Biases in Weather Forecasting

When it comes to biases, meteorologists have to deal with at least three.

The first is bias in our modeling systems.  All modeling systems have shortcomings and tendencies.  Some of these are systematic, in that they appear frequently (but not necessarily consistently).  For example, many lower resolution ensemble modeling systems underpredict the frequency of significant precipitation events over the western United States.
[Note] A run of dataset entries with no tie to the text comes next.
(* Let $t\in\mathbb{Q}$, $t\neq2$, and let $x\in\overline{\mathbb{Q}}$ satisfy $f_t(x)=0$. Put $y=\sum_{i=0}^5 a_i x^i$. Then $f_t(y)=0$ and the point $[x,y,1]$ lies on $F_5\cap C_t$.
   Context: $F_5$ is the Fermat curve $x^5+y^5+z^5=0$ in $\mathbb{P}^2$. For $t\in\mathbb{Q}$, $t\neq2$, $C_t$ is the conic $x^2+y^2+z^2+t(xy+xz+yz)=0$. Put $u=\frac{3t^2-2t+2}{t^2+t-1}$, $v=\frac{t^5-5t^4+10t^3-20t^2+15t-7}{(t-2)(t^2+t-1)^2}$, $w=\frac{-3t^5+10t^4-20t^3+20t^2-20t+6}{(t-2)(t^2+t-1)^2}$, and $f_t=X^6+uX^5+vX^4+wX^3+vX^2+uX+1\in\mathbb{Q}[X]$. Put $s=(t^4-3t^3-t^2+3t+1)(t-2)$ (nonzero for rational $t\ne2$) and $a_0=-\frac{(t^2+1)(t^3-t^2+2t-3)}{s}$, $a_1=-\frac{3t^7-9t^6+16t^5-15t^4+10t^3-11t^2+8t-7}{(t^2+t-1)s}$, $a_2=\frac{2t^8-14t^7+52t^6-99t^5+100t^4-54t^3+38t^2-44t+13}{(t^2+t-1)(t-2)s}$, $a_3=\frac{t^8+t^7-21t^6+65t^5-90t^4+78t^3-57t^2+32t-15}{(t^2+t-1)(t-2)s}$, $a_4=-\frac{2t^5-6t^4+13t^3-14t^2+7t-5}{s}$, $a_5=-\frac{(t^2+t-1)(t^3-t^2+2t-3)}{s}$. *)

From HB Require Import structures.
From mathcomp Require Import all_boot all_order all_algebra all_field.
Set Implicit Arguments. Unset Strict Implicit. Unset Printing Implicit Defensive.
Import Order.TTheory GRing.Theory Num.Theory.
Local Open Scope ring_scope.

Definition u_t (t : rat) : rat := (3*t^+2 - 2*t + 2) / (t^+2 + t - 1).
Definition v_t (t : rat) : rat :=
  (t^+5 - 5*t^+4 + 10*t^+3 - 20*t^+2 + 15*t - 7) / ((t - 2) * (t^+2 + t - 1)^+2).
Definition w_t (t : rat) : rat :=
  (-3*t^+5 + 10*t^+4 - 20*t^+3 + 20*t^+2 - 20*t + 6) / ((t - 2) * (t^+2 + t - 1)^+2).

Definition f_t (t : rat) : {poly rat} :=
  'X^6 + (u_t t)%:P * 'X^5 + (v_t t)%:P * 'X^4 + (w_t t)%:P * 'X^3
  + (v_t t)%:P * 'X^2 + (u_t t)%:P * 'X + 1.

Definition s_t (t : rat) : rat := (t^+4 - 3*t^+3 - t^+2 + 3*t + 1) * (t - 2).

Definition a0 (t : rat) : rat := - ((t^+2 + 1) * (t^+3 - t^+2 + 2*t - 3)) / s_t t.
Definition a1 (t : rat) : rat :=
  - (3*t^+7 - 9*t^+6 + 16*t^+5 - 15*t^+4 + 10*t^+3 - 11*t^+2 + 8*t - 7)
  / ((t^+2 + t - 1) * s_t t).
Definition a2 (t : rat) : rat :=
  (2*t^+8 - 14*t^+7 + 52*t^+6 - 99*t^+5 + 100*t^+4 - 54*t^+3 + 38*t^+2 - 44*t + 13)
  / ((t^+2 + t - 1) * (t - 2) * s_t t).
Definition a3 (t : rat) : rat :=
  (t^+8 + t^+7 - 21*t^+6 + 65*t^+5 - 90*t^+4 + 78*t^+3 - 57*t^+2 + 32*t - 15)
  / ((t^+2 + t - 1) * (t - 2) * s_t t).
Definition a4 (t : rat) : rat := - (2*t^+5 - 6*t^+4 + 13*t^+3 - 14*t^+2 + 7*t - 5) / s_t t.
Definition a5 (t : rat) : rat := - ((t^+2 + t - 1) * (t^+3 - t^+2 + 2*t - 3)) / s_t t.

Definition a_coef (t : rat) (i : nat) : rat :=
  match i with
  | 0 => a0 t | 1 => a1 t | 2 => a2 t | 3 => a3 t | 4 => a4 t | 5 => a5 t | _ => 0
  end.

Definition fermat5 (R : nzRingType) (x y z : R) : R := x^+5 + y^+5 + z^+5.
Definition conic_t (t : rat) (x y z : algC) : algC :=
  x^+2 + y^+2 + z^+2 + ratr t * (x*y + x*z + y*z).

From HB Require Import structures.
From mathcomp Require Import all_boot all_order all_algebra all_field.
From mathcomp Require Import ring.
Import Order.TTheory GRing.Theory Num.Theory.
Set Implicit Arguments. Unset Strict Implicit. Unset Printing Implicit Defensive.
Local Open Scope ring_scope.

(* All three claims are identities in Q(t)[x]/(f_t): reducing y^2, ..., y^6 and x y
   modulo f_t (each reduction certified by its explicit quotient), one finds
   y^5 = -1 - x^5, and the conic equation and f_t(y) = 0 become identities between
   polynomials of degree < 6 in x.  These computations only divide by t - 2,
   t^2 + t - 1 and t^4 - 3t^3 - t^2 + 3t + 1; the last two have no rational root,
   since such a root would be an integer dividing the constant term, i.e. +-1. *)

Lemma rat_root_monic_int (p : {poly int}) (t : rat) :
  p \is monic -> root (map_poly intr p) t -> t \is a Num.int.
Proof.
move=> p_monic pt; rewrite -(Cint_rat t).
apply: Cint_rat_Aint; first exact: Crat_rat.
apply: (@root_monic_Aint (map_poly intr p)).
- suff -> : map_poly intr p = map_poly (@ratr algC) (map_poly intr p : {poly rat}).
    by rewrite fmorph_root.
  by apply/polyP => i; rewrite !coef_map /= rmorph_int.
- exact: monic_map.
- by apply/polyOverP => i; rewrite coef_map rpred_int.
Qed.

Lemma monicMXaddC (R : nzRingType) (p : {poly R}) (c : R) :
  p \is monic -> p * 'X + c%:P \is monic.
Proof.
move=> /monicP p1; rewrite monicE lead_coefDl ?lead_coefMX ?p1 //.
rewrite size_mulX ?monic_neq0 ?(leq_ltn_trans (size_polyC_leq1 c)) //.
  by rewrite ltnS lt0n size_poly_eq0 -lead_coef_eq0 p1 oner_eq0.
by apply/monicP.
Qed.

Lemma mulz_eq1 (m n : int) : m * n = 1 -> n = 1 \/ n = -1.
Proof. by move/intUnitRing.unitzPl; rewrite qualifE => /orP[]/eqP; [left | right]. Qed.

Lemma no_rat_root_golden (t : rat) : t^+2 + t - 1 != 0.
Proof.
apply/eqP => t0.
have /intrP[n tn] : t \is a Num.int.
  apply: (@rat_root_monic_int (('X + 1%:P) * 'X + (-1)%:P)).
    exact/monicMXaddC/monicXaddC.
  rewrite rootE !(rmorphD, rmorphM, rmorphN, rmorph1).
  rewrite !(hornerD, hornerN, hornerM, hornerX, hornerC).
  (* the image of 'X still carries its morphism structure: fold it to expose map_polyX *)
  rewrite -[_.[t]]/((map_poly intr 'X).[t]) map_polyX hornerX.
  by rewrite -t0; apply/eqP; ring.
have : (n + 1) * n = 1.
  by apply: (@intr_inj rat); rewrite rmorph1 -[RHS]addr0 -t0 tn; ring.
by case/mulz_eq1 => n1; move: t0; rewrite tn n1.
Qed.

Lemma no_rat_root_quartic (t : rat) : t^+4 - 3*t^+3 - t^+2 + 3*t + 1 != 0.
Proof.
apply/eqP => t0.
have /intrP[n tn] : t \is a Num.int.
  apply: (@rat_root_monic_int
     (((('X - 3%:R%:P) * 'X + (-1)%:P) * 'X + 3%:R%:P) * 'X + 1%:P)).
    by do 3!apply: monicMXaddC; apply: monicXsubC.
  rewrite rootE !(rmorph_nat, rmorphD, rmorphM, rmorphN, rmorphB, rmorph1).
  rewrite !(hornerD, hornerN, hornerM, hornerX, hornerC, hornerMn).
  rewrite -[_.[t]]/((map_poly intr 'X).[t]) map_polyX hornerX.
  by rewrite -t0; apply/eqP; ring.
have : - (n^+3 - 3 * n^+2 - n + 3) * n = 1.
  by apply: (@intr_inj rat); rewrite rmorph1 -[RHS]subr0 -t0 tn; ring.
by case/mulz_eq1 => n1; move: t0; rewrite tn n1.
Qed.

Lemma horner_map_CXn (R S : comNzRingType) (f : {rmorphism R -> S}) (c : R) n (z : S) :
  (map_poly f (c%:P * 'X^n)).[z] = f c * z ^+ n.
Proof. by rewrite rmorphM /= map_polyC map_polyXn hornerE hornerXn. Qed.

Lemma horner_map_palindromic_sextic (R S : comNzRingType) (f : {rmorphism R -> S})
    (u v w : R) (z : S) :
  (map_poly f ('X^6 + u%:P * 'X^5 + v%:P * 'X^4 + w%:P * 'X^3
               + v%:P * 'X^2 + u%:P * 'X + 1)).[z]
  = z^+6 + f u * z^+5 + f v * z^+4 + f w * z^+3 + f v * z^+2 + f u * z + 1.
Proof.
rewrite !raddfD !hornerD !horner_map_CXn /= map_polyXn rmorphM /=.
by rewrite map_polyC map_polyX rmorph1 !hornerE.
Qed.

Section FtOverField.

Variables (K : fieldType) (T : K).

Local Notation d1 := (T^+2 + T - 1).
Local Notation d3 := (T^+4 - 3*T^+3 - T^+2 + 3*T + 1).
Local Notation s := (d3 * (T - 2)).

Definition u_of : K := (3*T^+2 - 2*T + 2) / d1.
Definition v_of : K :=
  (T^+5 - 5*T^+4 + 10*T^+3 - 20*T^+2 + 15*T - 7) / ((T - 2) * d1^+2).
Definition w_of : K :=
  (-3*T^+5 + 10*T^+4 - 20*T^+3 + 20*T^+2 - 20*T + 6) / ((T - 2) * d1^+2).

Definition a_of (i : nat) : K :=
  match i with
  | 0 => - ((T^+2 + 1) * (T^+3 - T^+2 + 2*T - 3)) / s
  | 1 => - (3*T^+7 - 9*T^+6 + 16*T^+5 - 15*T^+4 + 10*T^+3 - 11*T^+2 + 8*T - 7)
         / (d1 * s)
  | 2 => (2*T^+8 - 14*T^+7 + 52*T^+6 - 99*T^+5 + 100*T^+4 - 54*T^+3 + 38*T^+2
          - 44*T + 13) / (d1 * (T - 2) * s)
  | 3 => (T^+8 + T^+7 - 21*T^+6 + 65*T^+5 - 90*T^+4 + 78*T^+3 - 57*T^+2 + 32*T - 15)
         / (d1 * (T - 2) * s)
  | 4 => - (2*T^+5 - 6*T^+4 + 13*T^+3 - 14*T^+2 + 7*T - 5) / s
  | 5 => - (d1 * (T^+3 - T^+2 + 2*T - 3)) / s
  | _ => 0
  end.

Definition f_of (x : K) : K :=
  x^+6 + u_of * x^+5 + v_of * x^+4 + w_of * x^+3 + v_of * x^+2 + u_of * x + 1.

Definition y_of (x : K) : K := \sum_(i < 6) a_of i * x ^+ i.

Lemma y_ofE x :
  y_of x = a_of 0 + a_of 1 * x + a_of 2 * x^+2 + a_of 3 * x^+3 + a_of 4 * x^+4
           + a_of 5 * x^+5.
Proof. by rewrite /y_of !big_ord_recl big_ord0 /= expr0 mulr1 expr1 addr0 !addrA. Qed.

Hypotheses (T_neq2 : T - 2 != 0) (d1_neq0 : d1 != 0) (d3_neq0 : d3 != 0).

Variables (x : K) (fx0 : f_of x = 0).

Local Notation y := (y_of x).

Lemma eq_mod_f (q a b : K) : a = b + q * f_of x -> a = b.
Proof. by rewrite fx0 mulr0 addr0. Qed.

Local Ltac field_T :=
  rewrite y_ofE /a_of /f_of /u_of /v_of /w_of; field;
  rewrite ?T_neq2 ?d1_neq0 ?d3_neq0.

Lemma y_sqr : y ^+ 2 =
    (- 2*T^+4 + 4*T^+3 - T^+2 - 1) / d3
  + (- 3*T^+6 + 10*T^+5 - 10*T^+4 + 5*T^+3 - 5*T^+2 + 6*T) / (d1 * d3) * x
  + (4*T^+6 - 13*T^+5 + 20*T^+4 - 15*T^+3 + 10*T^+2 - 3*T + 1) / (d1 * d3) * x^+2
  + (5*T^+5 - 15*T^+4 + 20*T^+3 - 10*T^+2 + 5*T) / (d1 * d3) * x^+3
  + (- 3*T^+4 + 8*T^+3 - 6*T^+2 + 4*T) / d3 * x^+4
  + (- T^+4 + T^+3 + 3*T^+2 - 2*T) / d3 * x^+5.
Proof.
apply: (eq_mod_f (q :=
    (3*T^+10 - 20*T^+9 + 66*T^+8 - 91*T^+7 + 27*T^+6 + 30*T^+5 + 10*T^+4 - 47*T^+3
     + 17*T^+2 - 4*T + 13)
      / ((T - 2)^+2 * d3^+2)
  + (11*T^+8 - 40*T^+7 + 58*T^+6 - 54*T^+5 + 40*T^+4 - 2*T^+3 - 5*T^+2 - 21*T + 8)
      / ((T - 2) * d3^+2) * x
  + (- 2*T^+11 + 7*T^+10 + 6*T^+9 - 93*T^+8 + 264*T^+7 - 439*T^+6 + 523*T^+5 - 442*T^+4
     + 251*T^+3 - 98*T^+2 + 46*T - 29)
      / ((T - 2)^+3 * d3^+2) * x^+2
  + (T^+8 - 3*T^+7 - T^+5 - 5*T^+4 + 18*T^+3 - 9*T^+2 + 5*T - 3) / d3^+2 * x^+3
  + (T^+10 - 10*T^+6 + 6*T^+5 + 25*T^+2 - 30*T + 9) / ((T - 2)^+2 * d3^+2) * x^+4)).
by field_T.
Qed.

Lemma y_cube : y ^+ 3 =
    (- 3*T^+4 + 4*T^+3 - 2*T^+2 + T + 2) / d3
  + (- 4*T^+6 + 6*T^+5 - 10*T^+4 + 15*T^+3 - 5*T^+2 - 2*T + 3) / (d1 * d3) * x
  + (4*T^+7 - 20*T^+6 + 49*T^+5 - 60*T^+4 + 45*T^+3 - 13*T^+2 - 15*T + 7)
      / (d1 * (T - 2) * d3) * x^+2
  + (T^+7 + 5*T^+6 - 29*T^+5 + 60*T^+4 - 50*T^+3 + 8*T^+2 + 10*T - 7)
      / (d1 * (T - 2) * d3) * x^+3
  + (- 4*T^+4 + 8*T^+3 - 7*T^+2 + 3) / d3 * x^+4
  + (- 2*T^+4 - T^+3 + 4*T^+2 - 1) / d3 * x^+5.
Proof.
rewrite exprS y_sqr.
apply: (eq_mod_f (q :=
    (5*T^+9 - 25*T^+8 + 48*T^+7 - 37*T^+6 + 2*T^+5 + 10*T^+4 - 16*T^+2 + 14*T + 1)
      / ((T - 2) * d3^+2)
  + (- 2*T^+9 + 18*T^+8 - 64*T^+7 + 104*T^+6 - 79*T^+5 + 24*T^+4 - 11*T^+3 + 18*T^+2 - 8*T
     + 3)
      / ((T - 2) * d3^+2) * x
  + (- 2*T^+9 + 24*T^+7 - 67*T^+6 + 95*T^+5 - 86*T^+4 + 45*T^+3 - 13*T^+2 + 9*T)
      / ((T - 2) * d3^+2) * x^+2
  + (2*T^+8 - 4*T^+7 + 5*T^+6 + 5*T^+5 - 20*T^+4 + 16*T^+3 - 12*T^+2 + 5*T) / d3^+2 * x^+3
  + (T^+8 + T^+7 - T^+6 - 5*T^+4 - 2*T^+3 + 8*T^+2 - 3*T) / d3^+2 * x^+4)).
by field_T.
Qed.

Lemma y_exp4 : y ^+ 4 =
    (- 2*T^+4 + 5*T^+3 - 2*T^+2 - 3*T + 1) / d3
  + (- T^+6 + 5*T^+5 - 10*T^+4 + 10*T^+3 - 8*T) / (d1 * d3) * x
  + (3*T^+6 - 9*T^+5 + 15*T^+4 - 10*T^+3 - 5*T^+2 + 4*T - 2) / (d1 * d3) * x^+2
  + (- T^+6 + 5*T^+5 - 10*T^+4 + 10*T^+3 - 8*T) / (d1 * d3) * x^+3
  + (- 2*T^+4 + 5*T^+3 - 2*T^+2 - 3*T + 1) / d3 * x^+4.
Proof.
rewrite exprS y_cube.
apply: (eq_mod_f (q :=
    (5*T^+9 - 22*T^+8 + 52*T^+7 - 49*T^+6 - 14*T^+5 + 25*T^+4 + 24*T^+3 - 24*T^+2 - 2*T
     + 8)
      / ((T - 2) * d3^+2)
  + (- T^+9 + 18*T^+8 - 71*T^+7 + 115*T^+6 - 69*T^+5 - 3*T^+4 - 11*T^+3 + 22*T^+2 + 10*T
     - 7)
      / ((T - 2) * d3^+2) * x
  + (- 3*T^+10 + 7*T^+9 + 22*T^+8 - 140*T^+7 + 277*T^+6 - 265*T^+5 + 136*T^+4 - 34*T^+3
     - 5*T^+2 + 16*T - 13)
      / ((T - 2)^+2 * d3^+2) * x^+2
  + (2*T^+8 - 7*T^+7 + 2*T^+6 + 13*T^+5 - 15*T^+4 + 16*T^+3 - 11*T^+2 - 4*T + 4)
      / d3^+2 * x^+3
  + (2*T^+9 + T^+8 - 4*T^+7 - 9*T^+5 + T^+4 + 23*T^+3 - 12*T^+2 - 5*T + 3)
      / ((T - 2) * d3^+2) * x^+4)).
by field_T.
Qed.

Lemma y_exp5 : y ^+ 5 =
    - 1 - x^+5.
Proof.
rewrite exprS y_exp4.
apply: (eq_mod_f (q :=
    (3*T^+9 - 15*T^+8 + 32*T^+7 - 24*T^+6 - 13*T^+5 + 4*T^+4 + 35*T^+3 - 4*T^+2 - 22*T + 1)
      / ((T - 2) * d3^+2)
  + (- 2*T^+9 + 14*T^+8 - 47*T^+7 + 69*T^+6 - 30*T^+5 - 11*T^+4 + 7*T^+3 - T^+2 + 2*T - 5)
      / ((T - 2) * d3^+2) * x
  + (- T^+9 - 3*T^+8 + 26*T^+7 - 51*T^+6 + 38*T^+5 - 13*T^+4 + 11*T^+3 + 8*T^+2 - 18*T - 1)
      / ((T - 2) * d3^+2) * x^+2
  + (2*T^+9 - 5*T^+8 + 2*T^+7 + 3*T^+6 - 11*T^+5 + 31*T^+4 - 25*T^+3 - 9*T^+2 + 14*T - 3)
      / ((T - 2) * d3^+2) * x^+3)).
by field_T.
Qed.

Lemma y_exp6 : y ^+ 6 =
    (T^+4 - 2*T^+3 + 3*T^+2 - 2) / d3 * x
  + (- T^+9 + 10*T^+8 - 31*T^+7 + 36*T^+6 - 12*T^+5 - 3*T^+4 - 15*T^+3 + 2*T^+2 + 18*T - 1)
      / (d1^+2 * (T - 2) * d3) * x^+2
  + (T^+9 - 15*T^+8 + 51*T^+7 - 66*T^+6 + 22*T^+5 + 3*T^+4 + 8*T^+2 - 8*T + 6)
      / (d1^+2 * (T - 2) * d3) * x^+3
  + (- T^+9 + 10*T^+8 - 31*T^+7 + 36*T^+6 - 12*T^+5 - 3*T^+4 - 15*T^+3 + 2*T^+2 + 18*T - 1)
      / (d1^+2 * (T - 2) * d3) * x^+4
  + (T^+4 - 2*T^+3 + 3*T^+2 - 2) / d3 * x^+5.
Proof.
rewrite exprS y_exp5.
apply: (eq_mod_f (q :=
    (T^+5 - T^+4 + 3*T^+3 - 4*T^+2 + 2*T - 3) / ((T - 2) * d3)
  + (- T^+5 + 5*T - 3) / ((T - 2) * d3) * x
  + (T^+5 + T^+4 - 3*T^+3 - T^+2 + 3*T - 1) / ((T - 2) * d3) * x^+2
  + (- T^+5 - T^+4 + 3*T^+3 + T^+2 - 3*T + 1) / ((T - 2) * d3) * x^+3
  + (T^+5 - 5*T + 3) / ((T - 2) * d3) * x^+4)).
by field_T.
Qed.

Lemma mul_x_y : x * y =
    (T^+5 - 5*T + 3) / ((T - 2) * d3)
  + (2*T^+5 - 4*T^+4 + 7*T^+3 - 11*T^+2 + 8*T - 3) / ((T - 2) * d3) * x
  + (- 2*T^+6 + 11*T^+5 - 30*T^+4 + 45*T^+3 - 45*T^+2 + 29*T - 7)
      / ((T - 2)^+2 * d3) * x^+2
  + (- T^+6 + 15*T^+4 - 45*T^+3 + 50*T^+2 - 23*T + 5) / ((T - 2)^+2 * d3) * x^+3
  + (2*T^+5 - 3*T^+4 - T^+3 + 8*T^+2 - 9*T + 3) / ((T - 2) * d3) * x^+4
  + (T^+5 + T^+4 - 3*T^+3 - T^+2 + 3*T - 1) / ((T - 2) * d3) * x^+5.
Proof.
apply: (eq_mod_f (q :=
    (- T^+5 + 5*T - 3) / ((T - 2) * d3))).
by field_T.
Qed.

Lemma fermat_of_root : x^+5 + y^+5 + 1 = 0.
Proof. by rewrite y_exp5; ring. Qed.

Lemma conic_of_root : x^+2 + y^+2 + 1 + T * (x * y + x + y) = 0.
Proof. by rewrite y_sqr mul_x_y; field_T. Qed.

Lemma f_of_root : f_of y = 0.
Proof. by rewrite {1}/f_of y_exp6 y_exp5 y_exp4 y_cube y_sqr; field_T. Qed.

End FtOverField.

Lemma ratr_u_t (L : numFieldType) (t : rat) : ratr (u_t t) = u_of (ratr t) :> L.
Proof. by rewrite fmorph_div; congr (_ / _); ring. Qed.

Lemma ratr_v_t (L : numFieldType) (t : rat) : ratr (v_t t) = v_of (ratr t) :> L.
Proof. by rewrite fmorph_div; congr (_ / _); ring. Qed.

Lemma ratr_w_t (L : numFieldType) (t : rat) : ratr (w_t t) = w_of (ratr t) :> L.
Proof. by rewrite fmorph_div; congr (_ / _); ring. Qed.

Lemma ratr_a_coef (L : numFieldType) (t : rat) (i : nat) :
  ratr (a_coef t i) = a_of (ratr t) i :> L.
Proof.
case: i => [|[|[|[|[|[|i]]]]]] /=; rewrite ?rmorph0 //.
all: by rewrite fmorph_div /s_t; congr (_ / _); ring.
Qed.

Lemma horner_map_f_t (L : numFieldType) (t : rat) (z : L) :
  (map_poly ratr (f_t t)).[z] = f_of (ratr t) z.
Proof. by rewrite horner_map_palindromic_sextic /= ratr_u_t ratr_v_t ratr_w_t. Qed.

Theorem proposition3 (t : rat) (ht : t != 2) (x : algC)
  (hx : root (map_poly ratr (f_t t)) x) :
  let y := \sum_(i < 6) ratr (a_coef t i) * x ^+ i in
  root (map_poly ratr (f_t t)) y /\
  fermat5 x y 1 = 0 /\ conic_t t x y 1 = 0.
Proof.
move=> y.
set T : algC := ratr t.
have T_neq2 : T - 2 != 0.
  by rewrite (_ : T - 2 = ratr (t - 2)) ?fmorph_eq0 ?subr_eq0 //; ring.
have d1_neq0 : T^+2 + T - 1 != 0.
  by rewrite (_ : _ - 1 = ratr (t^+2 + t - 1)) ?fmorph_eq0 ?no_rat_root_golden //; ring.
have d3_neq0 : T^+4 - 3*T^+3 - T^+2 + 3*T + 1 != 0.
  by rewrite (_ : _ + 1 = ratr (t^+4 - 3*t^+3 - t^+2 + 3*t + 1))
    ?fmorph_eq0 ?no_rat_root_quartic //; ring.
have fx0 : f_of T x = 0 by rewrite -horner_map_f_t; exact/eqP.
have -> : y = y_of T x by apply: eq_bigr => i _; rewrite ratr_a_coef.
rewrite /root horner_map_f_t /fermat5 /conic_t !expr1n !mulr1.
split; first exact/eqP/f_of_root.
by split; [apply: fermat_of_root | apply: conic_of_root].
Qed.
Let's take a look at the Global Ensemble Forecast System as an example.  The GEFS is based on a relatively low resolution model and it struggles to predict major precipitation events at mountain locations in the western U.S.  The plot below shows the frequency of occurrence of observed events at SNOTEL stations compared to that produced by the GEFS control and GEFS mean.  The key line is the black dotted one, which is the ratio frequency of observed events compared to that predicted by the GEFS control (known as frequency bias, scale at the right).  Ideally, this dotted black line would be near 1, which would mean the model produces as many events as observed.  In the Pacific Ranges (i.e., the Cascades, Sierra Nevada, and coastal ranges) the GEFS doesn't do too badly for smaller vents, but it clearly underpredicts the frequency of events larger than 25.4 mm (1.0 inches).  In the western U.S. interior, the situation is even worse.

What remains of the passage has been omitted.